Une consultation à grande échelle destinée à répondre à la crise des « gilets jaunes » aura lieu partout en France du 15 janvier à la mi-mars. Quatre thèmes seront au coeur de ces discussions. A la veille de son lancement, le flou demeure. Explications.

Le « grand débat national », dont le coup d’envoi sera donné le 15 janvier par Emmanuel Macron, est la deuxième partie de la réponse de l’Elysée à  la crise des « gilets jaunes » , après  des mesures sur le pouvoir d’achat . Mais à la veille de son lancement, le flou demeure sur l’organisation, le niveau de participation et les conséquences possibles sur la politique du gouvernement et ses chances de mettre fin au mouvement de protestation.

Plus d’infos https://www.lesechos.fr/politique-societe/dossiers/0600475287421/0600475287421-gilets-jaunes-le-grand-debat-national-2234599.php

Le Grand débat Réunions d’initiatives locales
MODE D’EMPLOI  pj1

 

Doléances des citoyens des Marchés de France dans l’exercice de leurs activités

Les professionnels des Marchés de France sont de très petites entreprises qui exercent leurs activités sur le domaine public à titre précaire et révocable.

A ce titre, ils constatent que malgré leur rôle déterminant et reconnu dans la vie des centres villes, ils sont peu considérés par leurs élus. Ils assurent le lien social, les contacts, les échanges intercommunautaires et intergénérationnels. Bien qu’ils soient indispensables à l’attractivité touristique, ils ont souvent le sentiment de ne pas être entendus.

Transition écologique

a ) La Loi Mobilités

Avec les interdictions de circulation des véhicules immatriculés avant 2001, la loi va interdire de travailler à certaines de nos entreprises les plus fragilisées. Les primes à la casse sont insuffisantes face aux coûts des véhicules utilitaires notamment frigorifiques.

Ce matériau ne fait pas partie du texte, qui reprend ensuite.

(* Let $p\in\mathbb{N}_0$, let $n\ge p+1$ be an integer, let $\eta>0$ and write $x=\cosh\eta$. Then \[ \sum_{k=-p}^{p}\frac{(-1)^{k+1}e^{k\eta}R_p^k(x)}{n-k}=(-1)^{p+1}p!\,(n-p-1)!\,e^{n\eta}\sinh^p\eta\,P_p^{-n}(\coth\eta). \]
   Context: For $z>1$ and integers $p\ge0$, $n\ge1$, $P_p^{-n}(z)=\frac{1}{n!}\left(\frac{z-1}{z+1}\right)^{n/2}{}_2F_1\!\left(-p,p+1;1+n;\frac{1-z}{2}\right)$ (associated Legendre function of the first kind). The logarithmic polynomials $R_p^k(x)$, $p\in\mathbb{N}_0$, $k\in\mathbb{Z}$, are defined by $R_0^0(x)=1$, $R_0^k(x)=0$ for $k\ne0$, and $R_p^k(x)=\tfrac12 R_{p-1}^{k-1}(x)+xR_{p-1}^k(x)+\tfrac12 R_{p-1}^{k+1}(x)$ for $p\ge1$. *)

From Stdlib Require Import Reals ZArith.
From Coquelicot Require Import Coquelicot.
Open Scope R_scope.

Fixpoint poch (a : R) (j : nat) : R :=
  match j with
  | O => 1
  | S i => poch a i * (a + INR i)
  end.

Definition hyp2F1 (a b c w : R) : R :=
  Series (fun j => poch a j * poch b j / (poch c j * INR (fact j)) * w ^ j).

Definition legP_neg (p n : nat) (z : R) : R :=
  / INR (fact n) * Rpower ((z - 1) / (z + 1)) (INR n / 2)
  * hyp2F1 (- INR p) (INR p + 1) (1 + INR n) ((1 - z) / 2).

Fixpoint logR (p : nat) (x : R) (k : Z) : R :=
  match p with
  | O => if Z.eqb k 0 then 1 else 0
  | S q => / 2 * logR q x (k - 1) + x * logR q x k + / 2 * logR q x (k + 1)
  end.

From Stdlib Require Import Reals ZArith Lia Lra.
From Coquelicot Require Import Coquelicot.
Open Scope R_scope.

(* Put u = e^eta.  The R_p^k(x) are the coefficients of the Laurent polynomial
   (t/2 + x + 1/(2t))^p.  Writing 1/(n-k) = int_0^1 s^(n-1-k) ds, the left-hand
   side becomes -int_0^1 s^(n-1-p) ((1-s)(s-u^2)/(2u))^p ds; a binomial expansion
   and Beta integrals turn it into a finite sum, which matches termwise the
   terminating hypergeometric series of P_p^{-n}(coth eta), whose argument
   (1 - coth eta)/2 is 1/(1-u^2). *)

Definition sum_Z (f : Z -> R) (a : Z) (N : nat) : R :=
  sum_f_R0 (fun j => f (a + Z.of_nat j)%Z) N.

Lemma sum_Z_ext f g a N :
  (forall k, (a <= k <= a + Z.of_nat N)%Z -> f k = g k) ->
  sum_Z f a N = sum_Z g a N.
Proof. intros H; apply sum_eq; intros i Hi; apply H; lia. Qed.

Lemma sum_Z_recl f a N : sum_Z f a (S N) = f a + sum_Z f (a + 1) N.
Proof.
  unfold sum_Z; induction N as [|N IH]; simpl.
  - rewrite !Z.add_0_r; reflexivity.
  - simpl in IH; rewrite IH, Rplus_assoc; do 3 f_equal; lia.
Qed.

Lemma sum_Z_recr f a N : sum_Z f a (S N) = sum_Z f a N + f (a + Z.of_nat (S N))%Z.
Proof. reflexivity. Qed.

Lemma sum_Z_shift f d a N : sum_Z (fun k => f (k + d)%Z) a N = sum_Z f (a + d) N.
Proof. apply sum_eq; intros i _; f_equal; lia. Qed.

Lemma sum_Z_plus f g a N : sum_Z (fun k => f k + g k) a N = sum_Z f a N + sum_Z g a N.
Proof. apply plus_sum. Qed.

Lemma sum_Z_scal c f a N : sum_Z (fun k => c * f k) a N = c * sum_Z f a N.
Proof. unfold sum_Z; rewrite scal_sum; apply sum_eq; intros; ring. Qed.

Lemma is_RInt_sum_f_R0 (F : nat -> R -> R) (I : nat -> R) a b N :
  (forall j, (j <= N)%nat -> is_RInt (F j) a b (I j)) ->
  is_RInt (fun s => sum_f_R0 (fun j => F j s) N) a b (sum_f_R0 I N).
Proof.
  induction N as [|N IH]; intros H; simpl.
  - apply H; lia.
  - apply (is_RInt_plus (fun s => sum_f_R0 (fun j => F j s) N) (F (S N)));
      [apply IH; intros | ]; apply H; lia.
Qed.

Lemma is_RInt_pow_01 m : is_RInt (fun s => s ^ m) 0 1 (/ INR (S m)).
Proof.
  replace (/ INR (S m)) with (1 ^ S m / INR (S m) - 0 ^ S m / INR (S m)).
  - apply is_RInt_pow.
  - rewrite pow1, pow_i by lia; field; apply not_0_INR; lia.
Qed.

Lemma is_RInt_beta a b : is_RInt (fun s => s ^ a * (1 - s) ^ b) 0 1
  (INR (fact a) * INR (fact b) / INR (fact (a + b + 1))).
Proof.
  revert a; induction b as [|b IH]; intros a.
  - replace (a + 0 + 1)%nat with (S a) by lia.
    rewrite fact_simpl, mult_INR; change (INR (fact 0)) with 1.
    replace (INR (fact a) * 1 / (INR (S a) * INR (fact a))) with (/ INR (S a)).
    + apply (is_RInt_ext (fun s => s ^ a)); [intros; simpl; ring | apply is_RInt_pow_01].
    + field; split; [apply INR_fact_neq_0 | apply not_0_INR; lia].
  - replace (INR (fact a) * INR (fact (S b)) / INR (fact (a + S b + 1))) with
      (INR (fact a) * INR (fact b) / INR (fact (a + b + 1))
       - INR (fact (S a)) * INR (fact b) / INR (fact (S a + b + 1))).
    + apply (is_RInt_ext (fun s => s ^ a * (1 - s) ^ b - s ^ S a * (1 - s) ^ b)).
      { intros s _; simpl; ring. }
      exact (is_RInt_minus _ _ _ _ _ _ (IH a) (IH (S a))).
    + replace (S a + b + 1)%nat with (S (a + b + 1)) by lia.
      replace (a + S b + 1)%nat with (S (a + b + 1)) by lia.
      rewrite !fact_simpl, !mult_INR, !S_INR, !plus_INR.
      pose proof (INR_fact_lt_0 (a + b + 1)); pose proof (pos_INR a); pose proof (pos_INR b).
      simpl; field; lra.
Qed.

Lemma logR_outside p x k : (Z.of_nat p < Z.abs k)%Z -> logR p x k = 0.
Proof.
  revert k; induction p as [|p IH]; intros k Hk; simpl.
  - destruct (Z.eqb_spec k 0); [lia | reflexivity].
  - rewrite !IH by lia; ring.
Qed.

(* The defining recursion of [logR] is multiplication of the Laurent
   polynomial [sum_k logR p x k t^k] by [t/2 + x + 1/(2t)]. *)
Lemma sum_logR_powerRZ p x t : t <> 0 ->
  sum_Z (fun k => logR p x k * powerRZ t k) (- Z.of_nat p) (2 * p)
  = (/ 2 * t + x + / 2 * / t) ^ p.
Proof.
  intros Ht; induction p as [|p IH]; [unfold sum_Z; simpl; ring|].
  set (g k := logR p x k * powerRZ t k).
  assert (g_outside : forall k, (Z.of_nat p < Z.abs k)%Z -> g k = 0).
  { intros k Hk; unfold g; rewrite logR_outside by lia; ring. }
  transitivity (sum_Z (fun k => / 2 * t * g (k + -1)%Z + (x * g k + / 2 * / t * g (k + 1)%Z))
                  (- Z.of_nat (S p)) (2 * S p)).
  { apply sum_Z_ext; intros k _; unfold g; simpl logR.
    replace (k - 1)%Z with (k + -1)%Z by lia.
    rewrite !powerRZ_add by exact Ht; simpl; field; exact Ht. }
  rewrite !sum_Z_plus, !sum_Z_scal, !sum_Z_shift.
  replace (2 * S p)%nat with (S (S (2 * p))) by lia.
  rewrite (sum_Z_recl g), sum_Z_recl, (sum_Z_recl g), sum_Z_recr,
    (sum_Z_recr g (- Z.of_nat (S p) + 1)), sum_Z_recr, !g_outside by lia.
  replace (- Z.of_nat (S p) + -1 + 1 + 1)%Z with (- Z.of_nat p)%Z by lia.
  replace (- Z.of_nat (S p) + 1)%Z with (- Z.of_nat p)%Z by lia.
  unfold g; rewrite IH; simpl; field; exact Ht.
Qed.

(* With [x = (u + 1/u)/2] the Laurent polynomial of [sum_logR_powerRZ]
   factors at [t = -u/s]. *)
Lemma sum_logR_integrand p n u s : (p + 1 <= n)%nat -> u <> 0 -> s <> 0 ->
  sum_Z (fun k => logR p ((u + / u) / 2) k * powerRZ (- u) k
                  * s ^ Z.to_nat (Z.of_nat n - 1 - k)) (- Z.of_nat p) (2 * p)
  = s ^ (n - 1 - p) * ((1 - s) * (s - u * u) / (2 * u)) ^ p.
Proof.
  intros Hn Hu Hs.
  transitivity (sum_Z (fun k => s ^ (n - 1) * (logR p ((u + / u) / 2) k * powerRZ (- u / s) k))
                  (- Z.of_nat p) (2 * p)).
  { apply sum_Z_ext; intros k Hk.
    unfold Rdiv; rewrite powerRZ_mult, powerRZ_inv', !pow_powerRZ, Z2Nat.id by lia.
    replace (Z.of_nat (n - 1)) with (Z.of_nat n - 1 - k + k)%Z by lia.
    rewrite powerRZ_add by exact Hs.
    assert (powerRZ s k <> 0) by (apply powerRZ_NOR; exact Hs).
    field; auto. }
  rewrite sum_Z_scal, sum_logR_powerRZ.
  2: { unfold Rdiv; apply Rmult_integral_contrapositive; split;
       [lra | apply Rinv_neq_0_compat; exact Hs]. }
  replace (/ 2 * (- u / s) + (u + / u) / 2 + / 2 * / (- u / s))
    with (/ s * ((1 - s) * (s - u * u) / (2 * u))) by (field; auto).
  replace (n - 1)%nat with (n - 1 - p + p)%nat at 1 by lia.
  rewrite Rpow_mult_distr, pow_inv, pow_add; field; apply pow_nonzero, Hs.
Qed.

Lemma pow_beta_integrand_binomial p a c v s : c <> 0 ->
  s ^ a * ((1 - s) * (s - v) / c) ^ p
  = (/ c) ^ p * sum_f_R0 (fun i => Binomial.C p i * (-1) ^ i * (1 - v) ^ (p - i)
                                  * (s ^ a * (1 - s) ^ (p + i))) p.
Proof.
  intros Hc.
  replace ((1 - s) * (s - v) / c) with ((1 - s) * ((-1) * (1 - s) + (1 - v)) * / c)
    by (field; exact Hc).
  rewrite !Rpow_mult_distr, binomial, Rmult_comm, Rmult_assoc, Rmult_comm, Rmult_assoc.
  f_equal; rewrite !scal_sum; apply sum_eq; intros i _.
  rewrite Rpow_mult_distr, pow_add; ring.
Qed.

Lemma sum_logR_div p n u : (p + 1 <= n)%nat -> u <> 0 ->
  sum_Z (fun k => logR p ((u + / u) / 2) k * powerRZ (- u) k / IZR (Z.of_nat n - k))
        (- Z.of_nat p) (2 * p)
  = (/ (2 * u)) ^ p * sum_f_R0 (fun i => Binomial.C p i * (-1) ^ i * (1 - u * u) ^ (p - i)
        * (INR (fact (n - 1 - p)) * INR (fact (p + i)) / INR (fact (n + i)))) p.
Proof.
  intros Hn Hu.
  set (F s := sum_Z (fun k => logR p ((u + / u) / 2) k * powerRZ (- u) k
                              * s ^ Z.to_nat (Z.of_nat n - 1 - k)) (- Z.of_nat p) (2 * p)).
  transitivity (RInt F 0 1); [symmetry |]; apply is_RInt_unique.
  - apply is_RInt_sum_f_R0; intros j Hj.
    set (k := (- Z.of_nat p + Z.of_nat j)%Z).
    replace (Z.of_nat n - k)%Z with (Z.of_nat (S (Z.to_nat (Z.of_nat n - 1 - k)))) by lia.
    rewrite <- INR_IZR_INZ.
    apply (is_RInt_scal (fun s => s ^ _)), is_RInt_pow_01.
  - apply (is_RInt_ext (fun s => (/ (2 * u)) ^ p * sum_f_R0 (fun i => Binomial.C p i * (-1) ^ i
              * (1 - u * u) ^ (p - i) * (s ^ (n - 1 - p) * (1 - s) ^ (p + i))) p)).
    { intros s Hs; rewrite Rmin_left, Rmax_right in Hs by lra.
      unfold F; rewrite sum_logR_integrand by (lia || lra).
      symmetry; apply pow_beta_integrand_binomial; lra. }
    apply (is_RInt_scal (V := R_CompleteNormedModule)), is_RInt_sum_f_R0; intros i _.
    apply (is_RInt_scal (V := R_CompleteNormedModule)).
    replace (n + i)%nat with (n - 1 - p + (p + i) + 1)%nat by lia.
    apply is_RInt_beta.
Qed.

Lemma poch_neg_nat_eq0 p j : (p < j)%nat -> poch (- INR p) j = 0.
Proof.
  induction j as [|j IH]; intros Hj; [lia |]; simpl.
  destruct (Nat.eq_dec j p) as [-> | Hne]; [ring | rewrite IH by lia; ring].
Qed.

Lemma poch_neg_nat p j : (j <= p)%nat ->
  poch (- INR p) j = (-1) ^ j * INR (fact p) / INR (fact (p - j)).
Proof.
  induction j as [|j IH]; intros Hj.
  - rewrite Nat.sub_0_r; simpl; field; apply INR_fact_neq_0.
  - simpl poch; rewrite IH by lia.
    replace (p - j)%nat with (S (p - S j)) by lia.
    rewrite fact_simpl, mult_INR, S_INR, minus_INR by lia.
    pose proof (INR_fact_neq_0 (p - S j)).
    assert (INR j < INR p) by (apply lt_INR; lia).
    rewrite S_INR; simpl; field; lra.
Qed.

Lemma poch_nat_succ a j : poch (INR a + 1) j = INR (fact (a + j)) / INR (fact a).
Proof.
  induction j as [|j IH]; simpl poch.
  - rewrite Nat.add_0_r; field; apply INR_fact_neq_0.
  - rewrite IH, Nat.add_succ_r, fact_simpl, mult_INR, S_INR, plus_INR.
    field; apply INR_fact_neq_0.
Qed.

Lemma Series_finite (a : nat -> R) N : (forall j, (N < j)%nat -> a j = 0) ->
  Series a = sum_f_R0 a N.
Proof.
  intros Ha; apply is_series_unique.
  apply (filterlim_ext_loc (fun _ => sum_f_R0 a N)); [| apply filterlim_const].
  exists N; intros M HM; rewrite sum_n_Reals.
  induction HM as [| M HM IH]; [reflexivity |].
  simpl; rewrite Ha, IH by lia; ring.
Qed.

Lemma hyp2F1_neg_nat p b c w : hyp2F1 (- INR p) b c w
  = sum_f_R0 (fun j => poch (- INR p) j * poch b j / (poch c j * INR (fact j)) * w ^ j) p.
Proof.
  apply Series_finite; intros j Hj.
  rewrite poch_neg_nat_eq0 by exact Hj; unfold Rdiv; ring.
Qed.

(* With [u = e^eta]: [(z-1)/(z+1) = u^-2] and [(1-z)/2 = 1/(1-u^2)] at [z = coth eta]. *)
Lemma legP_neg_coth p n eta : 0 < eta ->
  legP_neg p n (cosh eta / sinh eta)
  = / exp (INR n * eta) * sum_f_R0 (fun j => Binomial.C p j * (-1) ^ j
        * INR (fact (p + j)) / (INR (fact p) * INR (fact (n + j)))
        * (/ (1 - exp eta * exp eta)) ^ j) p.
Proof.
  intros Heta.
  set (u := exp eta).
  assert (Hu : 1 < u) by (unfold u; rewrite <- exp_0; apply exp_increasing, Heta).
  assert (Hcoth : cosh eta / sinh eta = (u * u + 1) / (u * u - 1)).
  { unfold cosh, sinh; rewrite exp_Ropp; fold u; field; split; nra. }
  assert (Hratio : (cosh eta / sinh eta - 1) / (cosh eta / sinh eta + 1) = exp (- (2 * eta))).
  { rewrite Hcoth, exp_Ropp, <- (Rplus_diag eta), exp_plus; fold u; field; nra. }
  unfold legP_neg; rewrite Hratio, hyp2F1_neg_nat.
  unfold Rpower; rewrite ln_exp, <- exp_Ropp.
  replace (INR n / 2 * - (2 * eta)) with (- (INR n * eta)) by field.
  rewrite exp_Ropp, !scal_sum; apply sum_eq; intros j Hj.
  rewrite poch_neg_nat, poch_nat_succ, Rplus_comm, poch_nat_succ by lia.
  replace ((1 - cosh eta / sinh eta) / 2) with (/ (1 - u * u)) by (rewrite Hcoth; field; nra).
  unfold Binomial.C.
  pose proof (INR_fact_neq_0 p); pose proof (INR_fact_neq_0 n); pose proof (INR_fact_neq_0 j);
  pose proof (INR_fact_neq_0 (p - j)); pose proof (INR_fact_neq_0 (n + j)).
  pose proof (exp_pos (INR n * eta)).
  field; repeat split; auto; lra.
Qed.

Lemma exp_IZR_mul k e : exp (IZR k * e) = powerRZ (exp e) k.
Proof. rewrite powerRZ_Rpower by apply exp_pos; unfold Rpower; rewrite ln_exp; reflexivity. Qed.

Lemma sum_exp_logR_div p n eta :
  sum_f_R0 (fun j =>
      let k := (Z.of_nat j - Z.of_nat p)%Z in
      powerRZ (-1) (k + 1) * exp (IZR k * eta) * logR p (cosh eta) k / (INR n - IZR k))
    (2 * p)
  = - sum_Z (fun k => logR p ((exp eta + / exp eta) / 2) k * powerRZ (- exp eta) k
                      / IZR (Z.of_nat n - k)) (- Z.of_nat p) (2 * p).
Proof.
  replace (cosh eta) with ((exp eta + / exp eta) / 2) by (unfold cosh; rewrite exp_Ropp; reflexivity).
  rewrite <- (Rmult_1_l (sum_Z _ _ _)), Ropp_mult_distr_l, <- sum_Z_scal.
  apply sum_eq; intros j _; cbv zeta.
  replace (Z.of_nat j - Z.of_nat p)%Z with (- Z.of_nat p + Z.of_nat j)%Z by lia.
  set (k := (- Z.of_nat p + Z.of_nat j)%Z).
  rewrite exp_IZR_mul, powerRZ_add by lra.
  replace (- exp eta) with (-1 * exp eta) by ring.
  rewrite powerRZ_mult, minus_IZR, <- INR_IZR_INZ; simpl; unfold Rdiv; ring.
Qed.

Lemma neg1_pow_succ_mul_pow p : (-1) ^ (p + 1) * (-1) ^ p = -1.
Proof.
  rewrite pow_add, Rmult_comm, <- Rmult_assoc, <- Rpow_mult_distr.
  replace (-1 * -1) with 1 by ring; rewrite pow1; ring.
Qed.

Lemma beta_sum_eq_hypergeometric_sum p n u : (p + 1 <= n)%nat -> u <> 0 -> 1 - u * u <> 0 ->
  - ((/ (2 * u)) ^ p * sum_f_R0 (fun i => Binomial.C p i * (-1) ^ i * (1 - u * u) ^ (p - i)
        * (INR (fact (n - 1 - p)) * INR (fact (p + i)) / INR (fact (n + i)))) p)
  = (-1) ^ (p + 1) * INR (fact p) * INR (fact (n - p - 1)) * ((u - / u) / 2) ^ p
    * sum_f_R0 (fun j => Binomial.C p j * (-1) ^ j
        * INR (fact (p + j)) / (INR (fact p) * INR (fact (n + j)))
        * (/ (1 - u * u)) ^ j) p.
Proof.
  intros Hn Hu Hw.
  replace ((u - / u) / 2) with (-1 * ((1 - u * u) * / (2 * u))) by (field; exact Hu).
  rewrite Rpow_mult_distr.
  replace ((-1) ^ (p + 1) * INR (fact p) * INR (fact (n - p - 1))
           * ((-1) ^ p * ((1 - u * u) * / (2 * u)) ^ p))
    with ((-1) ^ (p + 1) * (-1) ^ p * INR (fact p) * INR (fact (n - p - 1))
          * ((1 - u * u) * / (2 * u)) ^ p) by ring.
  rewrite neg1_pow_succ_mul_pow, Ropp_mult_distr_l, !scal_sum.
  apply sum_eq; intros i Hi.
  replace (n - p - 1)%nat with (n - 1 - p)%nat by lia.
  rewrite Rpow_mult_distr, (pow_RN_plus (1 - u * u) (p - i) i), !pow_inv by exact Hw.
  replace (p - i + i)%nat with p by lia.
  pose proof (INR_fact_neq_0 p); pose proof (INR_fact_neq_0 (n + i)).
  assert ((1 - u * u) ^ i <> 0) by (apply pow_nonzero, Hw).
  assert ((2 * u) ^ p <> 0) by (apply pow_nonzero; lra).
  field; auto.
Qed.

Theorem mainTheorem5 (p n : nat) (eta : R) :
  (p + 1 <= n)%nat -> 0 < eta ->
  let x := cosh eta in
  sum_f_R0 (fun j =>
      let k := (Z.of_nat j - Z.of_nat p)%Z in
      powerRZ (-1) (k + 1) * exp (IZR k * eta) * logR p x k / (INR n - IZR k))
    (2 * p)
  = (-1) ^ (p + 1) * INR (fact p) * INR (fact (n - p - 1)) * exp (INR n * eta)
    * sinh eta ^ p * legP_neg p n (cosh eta / sinh eta).
Proof.
  intros Hn Heta x.
  assert (Hu : 1 < exp eta) by (rewrite <- exp_0; apply exp_increasing, Heta).
  rewrite sum_exp_logR_div, sum_logR_div, beta_sum_eq_hypergeometric_sum,
    legP_neg_coth by (lia || lra || nra).
  replace (sinh eta) with ((exp eta - / exp eta) / 2)
    by (unfold sinh; rewrite exp_Ropp; reflexivity).
  pose proof (exp_pos (INR n * eta)).
  field; lra.
Qed.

Nos professionnels demandent

  • une dérogation nationale de 5 ans pour les véhicules d’approvisionnement des marchés
  • Une exonération totale de la TVA sur les véhicules utilitaires neufs ou Crit’Air 5 dans le cas de remplacement du véhicule détruit
  • La création d’équipements de stockage de matériels ou de marchandises non périssables lors des réfections ou constructions de halles et marchés ayant lieu plusieurs fois par semaine afin de limiter l’impact carbone du transport du matériel.
  1. b) Energies

Bien que nos professionnels soient motivés pour des démarches RSE ou de réduction des consommations énergétiques, les augmentations constantes du prix de l’électricité, du gaz et des abonnements qui y sont liés anéantissent tous les bénéfices qu’ils pourraient tirer de leurs investissements réalisés pour économiser l’énergie.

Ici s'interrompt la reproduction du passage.